» WORK INSTRUCTION:
Take the material below and restate it word for word, stopping after the line in which "Variables (jz : J) (K0 : nat)." occurs.

___ PROVIDED INFORMATION ___

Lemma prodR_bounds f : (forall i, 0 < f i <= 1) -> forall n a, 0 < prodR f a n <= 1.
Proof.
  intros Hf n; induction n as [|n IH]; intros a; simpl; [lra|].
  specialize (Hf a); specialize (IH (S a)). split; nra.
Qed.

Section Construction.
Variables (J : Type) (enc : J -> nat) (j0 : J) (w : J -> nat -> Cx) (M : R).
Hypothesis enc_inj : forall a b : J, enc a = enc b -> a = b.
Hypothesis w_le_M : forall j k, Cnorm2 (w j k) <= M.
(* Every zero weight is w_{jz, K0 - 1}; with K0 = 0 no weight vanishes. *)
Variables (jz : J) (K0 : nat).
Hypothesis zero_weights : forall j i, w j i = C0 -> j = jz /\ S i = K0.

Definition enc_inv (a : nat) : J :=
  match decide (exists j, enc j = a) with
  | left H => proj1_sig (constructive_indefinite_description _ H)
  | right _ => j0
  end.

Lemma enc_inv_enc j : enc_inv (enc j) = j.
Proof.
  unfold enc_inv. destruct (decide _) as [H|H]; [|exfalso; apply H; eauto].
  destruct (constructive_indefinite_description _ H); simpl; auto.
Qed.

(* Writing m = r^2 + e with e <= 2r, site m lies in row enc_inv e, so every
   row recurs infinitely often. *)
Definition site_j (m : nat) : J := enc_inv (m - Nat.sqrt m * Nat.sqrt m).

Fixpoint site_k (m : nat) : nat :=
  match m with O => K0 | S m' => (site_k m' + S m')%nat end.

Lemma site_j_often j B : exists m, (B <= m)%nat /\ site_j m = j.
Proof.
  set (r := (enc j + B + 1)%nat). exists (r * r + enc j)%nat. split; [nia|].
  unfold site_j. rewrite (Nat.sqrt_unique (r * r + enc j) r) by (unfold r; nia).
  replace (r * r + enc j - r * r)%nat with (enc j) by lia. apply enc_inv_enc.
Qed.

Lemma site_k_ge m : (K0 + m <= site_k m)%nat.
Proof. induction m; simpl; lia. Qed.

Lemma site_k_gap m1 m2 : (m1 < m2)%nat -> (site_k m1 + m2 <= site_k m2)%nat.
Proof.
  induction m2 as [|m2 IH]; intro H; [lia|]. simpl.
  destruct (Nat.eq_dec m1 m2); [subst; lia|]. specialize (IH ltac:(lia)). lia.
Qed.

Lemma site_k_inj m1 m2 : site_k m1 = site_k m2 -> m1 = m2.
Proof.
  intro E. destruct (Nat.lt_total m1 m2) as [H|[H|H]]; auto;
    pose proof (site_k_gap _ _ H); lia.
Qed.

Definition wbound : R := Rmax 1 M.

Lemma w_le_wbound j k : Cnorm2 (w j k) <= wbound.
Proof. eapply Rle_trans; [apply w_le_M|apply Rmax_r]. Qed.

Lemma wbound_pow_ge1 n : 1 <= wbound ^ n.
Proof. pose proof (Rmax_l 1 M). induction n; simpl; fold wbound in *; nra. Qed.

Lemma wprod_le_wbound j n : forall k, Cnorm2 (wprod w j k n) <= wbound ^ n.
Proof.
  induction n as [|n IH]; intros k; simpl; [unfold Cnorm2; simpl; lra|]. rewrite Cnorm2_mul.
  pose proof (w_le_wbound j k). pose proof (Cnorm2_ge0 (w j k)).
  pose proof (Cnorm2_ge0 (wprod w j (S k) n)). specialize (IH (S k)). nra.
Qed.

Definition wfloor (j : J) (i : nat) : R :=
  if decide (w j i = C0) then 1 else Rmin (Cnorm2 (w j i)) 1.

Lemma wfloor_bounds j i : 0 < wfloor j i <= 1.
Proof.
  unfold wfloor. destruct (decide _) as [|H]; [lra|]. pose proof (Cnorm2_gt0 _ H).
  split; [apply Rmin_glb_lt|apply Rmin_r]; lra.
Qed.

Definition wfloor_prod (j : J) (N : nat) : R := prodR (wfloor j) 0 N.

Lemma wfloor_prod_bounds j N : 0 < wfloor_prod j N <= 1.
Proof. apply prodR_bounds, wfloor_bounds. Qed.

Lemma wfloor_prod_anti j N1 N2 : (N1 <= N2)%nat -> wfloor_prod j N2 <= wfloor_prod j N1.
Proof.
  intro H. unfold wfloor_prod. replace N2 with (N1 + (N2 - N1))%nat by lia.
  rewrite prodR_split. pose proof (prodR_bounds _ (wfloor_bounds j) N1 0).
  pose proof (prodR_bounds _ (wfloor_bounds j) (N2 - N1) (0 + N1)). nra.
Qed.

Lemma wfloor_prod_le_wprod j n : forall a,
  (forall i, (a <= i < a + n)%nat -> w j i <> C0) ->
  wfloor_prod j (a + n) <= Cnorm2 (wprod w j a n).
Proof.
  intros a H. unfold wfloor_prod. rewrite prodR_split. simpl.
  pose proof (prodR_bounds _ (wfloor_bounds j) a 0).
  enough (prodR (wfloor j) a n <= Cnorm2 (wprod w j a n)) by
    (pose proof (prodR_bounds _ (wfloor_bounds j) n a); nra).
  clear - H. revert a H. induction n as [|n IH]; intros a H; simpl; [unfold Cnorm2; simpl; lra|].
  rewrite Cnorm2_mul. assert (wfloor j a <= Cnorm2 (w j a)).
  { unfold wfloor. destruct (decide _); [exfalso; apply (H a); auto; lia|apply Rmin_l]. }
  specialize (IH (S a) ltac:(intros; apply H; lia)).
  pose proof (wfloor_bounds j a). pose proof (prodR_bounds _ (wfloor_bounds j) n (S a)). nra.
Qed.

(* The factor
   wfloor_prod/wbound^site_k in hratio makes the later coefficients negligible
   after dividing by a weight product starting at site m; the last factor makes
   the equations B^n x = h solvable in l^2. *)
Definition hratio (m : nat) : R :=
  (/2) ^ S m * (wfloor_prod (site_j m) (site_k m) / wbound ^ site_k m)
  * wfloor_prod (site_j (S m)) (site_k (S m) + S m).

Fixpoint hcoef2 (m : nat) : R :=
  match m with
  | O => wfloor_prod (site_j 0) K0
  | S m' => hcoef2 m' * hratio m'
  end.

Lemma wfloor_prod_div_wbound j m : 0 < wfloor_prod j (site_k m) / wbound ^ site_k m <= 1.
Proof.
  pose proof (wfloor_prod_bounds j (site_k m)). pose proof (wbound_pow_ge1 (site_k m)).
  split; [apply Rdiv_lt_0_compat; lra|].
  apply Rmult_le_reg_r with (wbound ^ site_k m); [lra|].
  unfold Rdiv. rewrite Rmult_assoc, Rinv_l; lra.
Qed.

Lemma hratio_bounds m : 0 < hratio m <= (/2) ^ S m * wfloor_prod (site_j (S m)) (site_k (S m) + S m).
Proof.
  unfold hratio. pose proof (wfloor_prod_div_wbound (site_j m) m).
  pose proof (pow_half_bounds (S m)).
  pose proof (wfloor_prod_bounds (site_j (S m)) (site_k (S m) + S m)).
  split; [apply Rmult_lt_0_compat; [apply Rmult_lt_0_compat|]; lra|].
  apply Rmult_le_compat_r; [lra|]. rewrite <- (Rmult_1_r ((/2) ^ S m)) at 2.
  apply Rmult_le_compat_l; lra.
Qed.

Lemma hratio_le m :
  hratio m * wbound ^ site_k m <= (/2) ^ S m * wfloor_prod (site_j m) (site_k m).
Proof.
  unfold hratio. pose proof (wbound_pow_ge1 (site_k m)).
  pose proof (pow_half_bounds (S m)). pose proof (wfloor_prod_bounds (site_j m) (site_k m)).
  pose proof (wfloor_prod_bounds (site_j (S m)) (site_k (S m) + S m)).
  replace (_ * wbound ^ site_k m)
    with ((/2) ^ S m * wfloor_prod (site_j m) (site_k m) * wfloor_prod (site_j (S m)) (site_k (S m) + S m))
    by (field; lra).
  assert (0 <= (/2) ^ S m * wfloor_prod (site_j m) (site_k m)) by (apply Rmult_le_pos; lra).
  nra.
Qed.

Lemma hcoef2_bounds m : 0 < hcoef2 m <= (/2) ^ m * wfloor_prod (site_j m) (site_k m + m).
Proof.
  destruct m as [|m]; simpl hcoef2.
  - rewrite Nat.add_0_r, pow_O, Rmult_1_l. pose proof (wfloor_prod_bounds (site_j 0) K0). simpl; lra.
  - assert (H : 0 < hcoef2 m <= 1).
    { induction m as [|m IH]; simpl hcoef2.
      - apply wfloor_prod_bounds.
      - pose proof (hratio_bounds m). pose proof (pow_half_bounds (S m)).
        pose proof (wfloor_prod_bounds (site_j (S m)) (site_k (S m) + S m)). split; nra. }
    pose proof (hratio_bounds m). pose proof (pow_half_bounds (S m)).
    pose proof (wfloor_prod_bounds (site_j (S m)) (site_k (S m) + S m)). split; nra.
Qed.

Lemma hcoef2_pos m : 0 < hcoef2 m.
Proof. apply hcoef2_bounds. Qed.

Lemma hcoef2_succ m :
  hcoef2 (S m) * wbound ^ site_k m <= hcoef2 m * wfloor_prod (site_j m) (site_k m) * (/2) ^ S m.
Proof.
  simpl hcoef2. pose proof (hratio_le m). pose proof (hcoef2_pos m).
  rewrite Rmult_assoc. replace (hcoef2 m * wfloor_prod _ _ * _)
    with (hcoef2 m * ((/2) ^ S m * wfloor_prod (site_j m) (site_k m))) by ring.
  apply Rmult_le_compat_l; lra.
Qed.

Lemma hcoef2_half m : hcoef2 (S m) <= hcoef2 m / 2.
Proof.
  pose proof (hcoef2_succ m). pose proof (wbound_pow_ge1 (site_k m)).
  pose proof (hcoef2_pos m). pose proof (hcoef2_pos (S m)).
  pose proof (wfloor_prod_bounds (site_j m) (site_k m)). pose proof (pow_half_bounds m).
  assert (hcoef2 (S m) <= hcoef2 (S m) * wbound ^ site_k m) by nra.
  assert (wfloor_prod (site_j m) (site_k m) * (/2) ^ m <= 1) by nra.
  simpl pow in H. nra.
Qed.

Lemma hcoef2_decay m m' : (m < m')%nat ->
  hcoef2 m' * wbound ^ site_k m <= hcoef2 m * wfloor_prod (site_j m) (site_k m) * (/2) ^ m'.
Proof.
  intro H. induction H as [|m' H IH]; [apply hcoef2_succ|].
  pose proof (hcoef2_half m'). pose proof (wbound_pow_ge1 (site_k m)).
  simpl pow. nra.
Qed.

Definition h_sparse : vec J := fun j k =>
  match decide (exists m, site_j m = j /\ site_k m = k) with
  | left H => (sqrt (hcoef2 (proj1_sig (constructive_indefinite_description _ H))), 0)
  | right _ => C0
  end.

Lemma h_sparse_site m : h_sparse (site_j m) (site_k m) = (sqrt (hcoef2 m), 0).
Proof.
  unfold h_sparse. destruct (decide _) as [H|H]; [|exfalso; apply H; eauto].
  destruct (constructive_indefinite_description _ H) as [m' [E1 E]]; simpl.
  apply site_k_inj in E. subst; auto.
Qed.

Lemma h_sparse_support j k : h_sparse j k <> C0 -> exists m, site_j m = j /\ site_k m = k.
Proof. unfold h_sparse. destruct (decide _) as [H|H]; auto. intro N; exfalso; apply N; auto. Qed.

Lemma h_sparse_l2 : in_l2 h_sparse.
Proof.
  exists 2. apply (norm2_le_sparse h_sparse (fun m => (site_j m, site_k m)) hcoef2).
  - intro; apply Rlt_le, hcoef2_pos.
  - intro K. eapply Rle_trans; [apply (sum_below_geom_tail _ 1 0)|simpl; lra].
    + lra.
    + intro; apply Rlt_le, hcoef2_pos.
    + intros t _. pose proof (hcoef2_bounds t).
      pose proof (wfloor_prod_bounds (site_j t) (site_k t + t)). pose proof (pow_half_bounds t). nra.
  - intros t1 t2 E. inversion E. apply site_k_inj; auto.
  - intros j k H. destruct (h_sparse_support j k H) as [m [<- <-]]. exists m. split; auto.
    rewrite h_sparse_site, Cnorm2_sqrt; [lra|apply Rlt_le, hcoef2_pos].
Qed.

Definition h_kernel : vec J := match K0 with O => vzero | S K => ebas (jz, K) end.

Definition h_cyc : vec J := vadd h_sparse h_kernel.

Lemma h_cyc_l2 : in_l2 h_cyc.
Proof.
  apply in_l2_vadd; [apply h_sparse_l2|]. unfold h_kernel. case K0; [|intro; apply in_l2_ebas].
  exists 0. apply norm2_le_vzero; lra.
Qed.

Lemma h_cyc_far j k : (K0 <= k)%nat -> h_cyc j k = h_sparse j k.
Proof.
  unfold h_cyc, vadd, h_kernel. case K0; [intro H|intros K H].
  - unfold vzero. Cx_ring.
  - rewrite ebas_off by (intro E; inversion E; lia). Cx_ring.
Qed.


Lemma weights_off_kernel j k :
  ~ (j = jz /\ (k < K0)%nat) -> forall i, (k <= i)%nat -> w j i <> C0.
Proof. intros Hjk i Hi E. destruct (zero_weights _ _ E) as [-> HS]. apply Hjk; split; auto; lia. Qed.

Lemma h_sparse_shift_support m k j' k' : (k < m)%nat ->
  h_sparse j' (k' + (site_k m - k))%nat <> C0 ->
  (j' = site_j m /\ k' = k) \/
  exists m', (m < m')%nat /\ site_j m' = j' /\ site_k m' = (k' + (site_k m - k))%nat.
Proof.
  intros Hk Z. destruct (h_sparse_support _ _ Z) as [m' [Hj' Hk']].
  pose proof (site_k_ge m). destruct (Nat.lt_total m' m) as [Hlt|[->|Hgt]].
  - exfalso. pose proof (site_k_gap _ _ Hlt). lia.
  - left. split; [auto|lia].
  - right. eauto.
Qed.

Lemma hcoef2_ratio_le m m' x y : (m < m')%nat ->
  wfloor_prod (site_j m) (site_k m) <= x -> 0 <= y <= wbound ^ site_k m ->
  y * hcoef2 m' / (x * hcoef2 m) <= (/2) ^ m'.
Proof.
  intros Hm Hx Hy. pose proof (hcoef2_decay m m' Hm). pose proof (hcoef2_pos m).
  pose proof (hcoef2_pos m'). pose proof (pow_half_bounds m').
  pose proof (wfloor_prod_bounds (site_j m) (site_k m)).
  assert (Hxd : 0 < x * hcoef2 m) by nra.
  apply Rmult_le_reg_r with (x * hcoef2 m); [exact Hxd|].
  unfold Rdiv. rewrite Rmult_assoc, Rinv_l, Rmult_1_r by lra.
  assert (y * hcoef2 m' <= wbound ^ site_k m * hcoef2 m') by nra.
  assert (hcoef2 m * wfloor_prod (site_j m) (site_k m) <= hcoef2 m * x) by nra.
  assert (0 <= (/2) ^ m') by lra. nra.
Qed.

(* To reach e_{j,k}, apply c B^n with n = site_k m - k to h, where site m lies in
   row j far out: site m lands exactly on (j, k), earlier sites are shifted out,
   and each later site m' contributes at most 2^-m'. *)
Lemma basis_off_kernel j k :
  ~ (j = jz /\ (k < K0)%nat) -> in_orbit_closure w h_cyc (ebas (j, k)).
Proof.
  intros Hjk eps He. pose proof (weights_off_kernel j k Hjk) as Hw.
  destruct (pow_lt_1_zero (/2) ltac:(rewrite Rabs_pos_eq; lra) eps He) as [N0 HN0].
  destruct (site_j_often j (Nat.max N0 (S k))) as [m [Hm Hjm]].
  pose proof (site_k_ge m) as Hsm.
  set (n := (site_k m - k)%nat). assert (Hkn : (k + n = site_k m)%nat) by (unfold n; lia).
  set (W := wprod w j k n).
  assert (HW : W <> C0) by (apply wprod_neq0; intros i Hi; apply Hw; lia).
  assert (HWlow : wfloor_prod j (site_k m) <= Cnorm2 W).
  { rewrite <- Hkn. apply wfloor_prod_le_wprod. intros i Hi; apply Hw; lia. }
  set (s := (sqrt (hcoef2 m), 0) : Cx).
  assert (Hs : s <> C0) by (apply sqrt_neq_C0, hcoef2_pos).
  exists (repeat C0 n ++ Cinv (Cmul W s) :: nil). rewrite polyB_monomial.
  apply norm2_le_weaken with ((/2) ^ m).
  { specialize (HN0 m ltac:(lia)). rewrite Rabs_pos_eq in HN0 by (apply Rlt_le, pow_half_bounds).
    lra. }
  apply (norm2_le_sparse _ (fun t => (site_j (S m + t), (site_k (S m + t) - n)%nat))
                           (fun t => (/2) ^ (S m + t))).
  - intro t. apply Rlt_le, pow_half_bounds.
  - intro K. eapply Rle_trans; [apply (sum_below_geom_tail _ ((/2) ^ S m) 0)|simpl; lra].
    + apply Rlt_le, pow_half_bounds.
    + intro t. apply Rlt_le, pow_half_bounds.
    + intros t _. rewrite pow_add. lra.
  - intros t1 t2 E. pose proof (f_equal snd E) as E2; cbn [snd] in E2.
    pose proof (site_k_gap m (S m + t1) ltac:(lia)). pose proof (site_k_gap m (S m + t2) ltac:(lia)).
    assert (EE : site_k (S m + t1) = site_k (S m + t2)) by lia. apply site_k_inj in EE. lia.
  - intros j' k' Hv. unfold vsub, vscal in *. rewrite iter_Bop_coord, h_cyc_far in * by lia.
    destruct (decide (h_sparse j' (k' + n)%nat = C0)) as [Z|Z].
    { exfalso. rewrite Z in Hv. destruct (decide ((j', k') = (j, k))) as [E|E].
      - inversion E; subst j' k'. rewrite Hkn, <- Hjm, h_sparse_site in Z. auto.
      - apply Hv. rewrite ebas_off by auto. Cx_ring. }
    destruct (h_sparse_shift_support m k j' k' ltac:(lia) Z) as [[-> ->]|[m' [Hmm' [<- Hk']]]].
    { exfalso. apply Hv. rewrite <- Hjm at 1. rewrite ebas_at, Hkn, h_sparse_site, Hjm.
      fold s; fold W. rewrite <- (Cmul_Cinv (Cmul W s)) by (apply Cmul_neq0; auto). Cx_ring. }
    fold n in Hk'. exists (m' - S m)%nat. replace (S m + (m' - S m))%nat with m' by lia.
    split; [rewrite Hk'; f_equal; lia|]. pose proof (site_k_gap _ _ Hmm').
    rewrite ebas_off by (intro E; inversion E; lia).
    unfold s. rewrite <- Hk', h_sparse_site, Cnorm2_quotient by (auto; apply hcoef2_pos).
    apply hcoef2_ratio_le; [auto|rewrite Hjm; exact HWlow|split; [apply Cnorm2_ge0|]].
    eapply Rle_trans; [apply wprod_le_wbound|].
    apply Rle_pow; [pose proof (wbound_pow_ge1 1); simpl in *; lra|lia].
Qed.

___

» TASK RESPONSE:
Lemma prodR_bounds f : (forall i, 0 < f i <= 1) -> forall n a, 0 < prodR f a n <= 1.
Proof.
  intros Hf n; induction n as [|n IH]; intros a; simpl; [lra|].
  specialize (Hf a); specialize (IH (S a)). split; nra.
Qed.

Section Construction.
Variables (J : Type) (enc : J -> nat) (j0 : J) (w : J -> nat -> Cx) (M : R).
Hypothesis enc_inj : forall a b : J, enc a = enc b -> a = b.
Hypothesis w_le_M : forall j k, Cnorm2 (w j k) <= M.
(* Every zero weight is w_{jz, K0 - 1}; with K0 = 0 no weight vanishes. *)
Variables (jz : J) (K0 : nat).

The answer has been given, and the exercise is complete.